A grep-like tool that is effective on large binary files, written in Go.
It is useful for data recovery on defect disk images, recovery of accidentally deleted files, etc. This tool can search for some known text passages (or byte arrays) on a whole disk image, so it might be possible to recover some lost data, e.g. ASCII text files.
Simply clone and build. No external libraries are needed.
git clone git@github.com:fengelhardt/recoverytool.git
cd recoverytool
go build .
Create a disk image (same as dd if=/dev/sda1 of=disk.img -oflag=sync -bs=100M
).
It is a little bit faster than dd
as recoverytool
uses separate threads for reading and writing.
It also prints a status report and the MD5 checksum.

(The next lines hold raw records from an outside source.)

(* Let $a\ge 0$ and let $h$ be as defined in the context. Then for every $x\in[a-1,a+1]$, \[\log h(x)=\log h(a)+\sum_{k=1}^\infty\frac{(-1)^{k-1}}{k}\left(\sum_{n=2}^\infty\frac{u_n}{(n+a)^k}\right)(x-a)^k.\]
   Context: Let $u_n=(-1)^{s_2(n)}$, where $s_2(n)$ is the sum of the binary digits of the non-negative integer $n$ (Thue–Morse sequence with values $\pm1$). For real $x>-2$ define $h(x)=\prod_{n=1}^\infty\left(\frac{2n+x}{2n+1+x}\right)^{u_n}$ (limit of partial products; it converges and is positive). *)

From Stdlib Require Import Reals ZArith.
From Coquelicot Require Import Coquelicot.
Open Scope R_scope.

Fixpoint pos_popcount (p : positive) : nat :=
  match p with
  | xH => 1%nat
  | xO q => pos_popcount q
  | xI q => S (pos_popcount q)
  end.

Definition s2 (n : nat) : nat :=
  match N.of_nat n with
  | N0 => 0%nat
  | Npos p => pos_popcount p
  end.

(* Thue--Morse sequence with values +-1 *)
Definition u (n : nat) : R := (-1) ^ (s2 n).

Fixpoint hpart (N : nat) (x : R) : R :=
  match N with
  | O => 1
  | S M => hpart M x *
      Rpower ((2 * INR (S M) + x) / (2 * INR (S M) + 1 + x)) (u (S M))
  end.

Definition h (x : R) : R := real (Lim_seq (fun N => hpart N x)).

From Stdlib Require Import Reals NArith Lia Lra.
From Coquelicot Require Import Coquelicot.
Open Scope R_scope.

(* Since u_(2n) = u_n and u_(2n+1) = -u_n, the logarithm of the n-th factor of h(y) is
   u_(2n) ln(2n+y) + u_(2n+1) ln(2n+1+y); hence log h(x) - log h(a) = sum_(m>=2) u_m ln(1 + z_m)
   with z_m = (x-a)/(m+a) and |z_m| <= 1/2.  Expanding each ln(1 + z_m) in its Taylor series and
   exchanging the two sums is legitimate because the remainder after J terms is at most
   2^(1-J) z_m^2, which is summable in m and tends to 0 with J.  The inner series converge by
   Dirichlet's test, the partial sums of u being bounded. *)

Lemma u_double n : u (2 * n) = u n.
Proof. unfold u, s2. rewrite Nat2N.inj_double. now destruct (N.of_nat n). Qed.

Lemma u_succ_double n : u (S (2 * n)) = - u n.
Proof. unfold u, s2. rewrite Nat2N.inj_succ_double. destruct (N.of_nat n); simpl; ring. Qed.

Lemma Rabs_u n : Rabs (u n) = 1.
Proof. apply pow_1_abs. Qed.

Lemma is_series_R_iff (a : nat -> R) (l : R) : is_series a l <-> is_lim_seq (sum_n a) l.
Proof. reflexivity. Qed.

Lemma sum_Sn_R (a : nat -> R) n : sum_n a (S n) = sum_n a n + a (S n).
Proof. exact (sum_Sn a n). Qed.

Lemma ex_series_le_R (a b : nat -> R) :
  (forall n, Rabs (a n) <= b n) -> ex_series b -> ex_series a.
Proof. exact (@ex_series_le _ R_CompleteNormedModule a b). Qed.

Lemma sum_n_pairs (b : nat -> R) k :
  sum_n b (S (2 * k)) = sum_n (fun p => b (2 * p)%nat + b (S (2 * p))) k.
Proof.
  induction k as [|k IH].
  - rewrite sum_Sn, !sum_O. reflexivity.
  - replace (S (2 * S k)) with (S (S (S (2 * k)))) by lia.
    rewrite (sum_Sn_R _ (S (S (2 * k)))), (sum_Sn_R _ (S (2 * k))), IH, (sum_Sn_R _ k).
    replace (S (S (2 * k))) with (2 * S k)%nat by lia.
    apply Rplus_assoc.
Qed.

Lemma sum_u_bound n : Rabs (sum_n u n) <= 1.
Proof.
  assert (Hodd : forall k, sum_n u (S (2 * k)) = 0).
  { intro k. rewrite sum_n_pairs, <- (Rmult_0_r (INR (S k))), <- sum_n_const.
    apply sum_n_ext. intro p. change (u (2 * p) + u (S (2 * p)) = 0).
    rewrite u_double, u_succ_double. ring. }
  destruct (Nat.Even_or_Odd n) as [[k ->]|[k ->]].
  - assert (H := sum_Sn_R u (2 * k)). rewrite Hodd, u_succ_double in H.
    replace (sum_n u (2 * k)) with (u k) by lra.
    rewrite Rabs_u. lra.
  - rewrite Nat.add_1_r, Hodd, Rabs_R0. lra.
Qed.

Lemma sum_u_shift_bound k n : Rabs (sum_n (fun m => u (m + k)) n) <= 3.
Proof.
  assert (E : sum_n u (n + k) - sum_n u k + u k = sum_n (fun m => u (m + k)) n).
  { induction n as [|n IH].
    - rewrite sum_O. simpl. ring.
    - rewrite sum_Sn_R, <- IH. replace (S n + k)%nat with (S (n + k)) by lia.
      rewrite sum_Sn_R. ring. }
  rewrite <- E.
  pose proof (sum_u_bound (n + k)). pose proof (sum_u_bound k). pose proof (Rabs_u k).
  pose proof (Rabs_triang (sum_n u (n + k) - sum_n u k) (u k)).
  pose proof (Rabs_triang (sum_n u (n + k)) (- sum_n u k)).
  rewrite Rabs_Ropp in *. unfold Rminus in *. lra.
Qed.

sudo ./recoverytool -cp img.iso /dev/sda1
Search for byte patterns in a file image. Also works on a whole disk.
./recoverytool -m "Master's Thesis" -m "Tax report" -m "Dear Mr. Santa" disk.img > report.txt
It takes some time to run on large file images. If a pattern was found, it prints out the address in hex and some lines of context. If you stream the output to a file, like in the example above, you can let it run and analyze the result later.

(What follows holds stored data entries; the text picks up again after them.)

(* Write S + x for S with x flipped and S + R for symmetric difference.
   An automorphism phi of the TAR graph sends the edge {S, S + x} to an edge
   {phi S, phi S + y}.  In a 4-cycle S, S + x, S + j, S + x + j opposite
   edges carry the same label, and since X-sets are closed upwards every
   edge with label x is linked to the edge {V - x, V} by such squares; so
   y = pi x depends on x only, and pi is a permutation of V.  Walking down
   from V then gives phi S = pi(S) + R with R the complement of phi(V).
   Surjectivity of phi forces R to miss every minimal X-set, after which
   S |-> pi(S) preserves X-sets in both directions, so pi is in M_X(G) and
   phi = nu_R o pi.  Conversely nu_R and the maps S |-> psi(S) preserve the
   size of symmetric differences, hence adjacency. *)

Section SymmetricDifference.
Variable T : finType.
Implicit Types (A B R S : {set T}) (x y : T).

Lemma in_symdiff A B t : (t \in symdiff A B) = (t \in A) (+) (t \in B).
Proof. by rewrite /symdiff !inE; case: (t \in A); case: (t \in B). Qed.

Lemma symdiffK R : involutive (fun A => symdiff A R).
Proof. by move=> A; apply/setP => t; rewrite !in_symdiff -addbA addbb addbF. Qed.

Lemma symdiff_shift A B R : symdiff (symdiff A R) (symdiff B R) = symdiff A B.
Proof. by apply/setP => t; rewrite !in_symdiff addbACA addbb addbF. Qed.

Lemma mem_imset_perm (p : {perm T}) A t : (t \in p @: A) = ((p^-1)%g t \in A).
Proof. by rewrite -{1}(permKV p t) mem_imset //; exact: perm_inj. Qed.

Lemma imset_symdiff (p : {perm T}) A B :
  p @: symdiff A B = symdiff (p @: A) (p @: B).
Proof. by apply/setP => t; rewrite !(in_symdiff, mem_imset_perm). Qed.

Definition flip A x := symdiff A [set x].

Lemma in_flip A x t : (t \in flip A x) = (t \in A) (+) (t == x).
Proof. by rewrite in_symdiff inE. Qed.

Here is an example output of a simple search:
./recoverytool -m "debug" ../comcat/comcat
> Searching ../comcat/comcat from 0 to 175e8: 95720 Bytes (95.7kB)
> Match for debug at adress 16c0d
> 16a80 .restore_stdin._ITM_registerTMCloneTable.__cxa_finalize@@GLIBC_2.2.5.__ctype_b_loc@@GLIBC_2.3.stderr@@GLIBC_2.2.5...symtab..strt
> 16b00 ab..shstrtab..interp..note.gnu.property..note.gnu.build-id..note.ABI-tag..gnu.hash..dynsym..dynstr..gnu.version..gnu.version_r..
> 16b80 rela.dyn..rela.plt..init..plt.got..plt.sec..text..fini..rodata..eh_frame_hdr..eh_frame..init_array..fini_array..dynamic..data..b
> 16c00 ss..comment..debug_aranges..debug_info..debug_abbrev..debug_line..debug_str..debug_ranges..debug_macro..........................
> 16c80 ........................................................................................................#...............8.......
> 16d00 8....... ...............................6...............X.......X.......$...............................I...............|.......
> 16d80 |....... ...............................W......o........................0...............................a.......................
> Match for debug at adress 16c1c
> 16a80 .restore_stdin._ITM_registerTMCloneTable.__cxa_finalize@@GLIBC_2.2.5.__ctype_b_loc@@GLIBC_2.3.stderr@@GLIBC_2.2.5...symtab..strt
> 16b00 ab..shstrtab..interp..note.gnu.property..note.gnu.build-id..note.ABI-tag..gnu.hash..dynsym..dynstr..gnu.version..gnu.version_r..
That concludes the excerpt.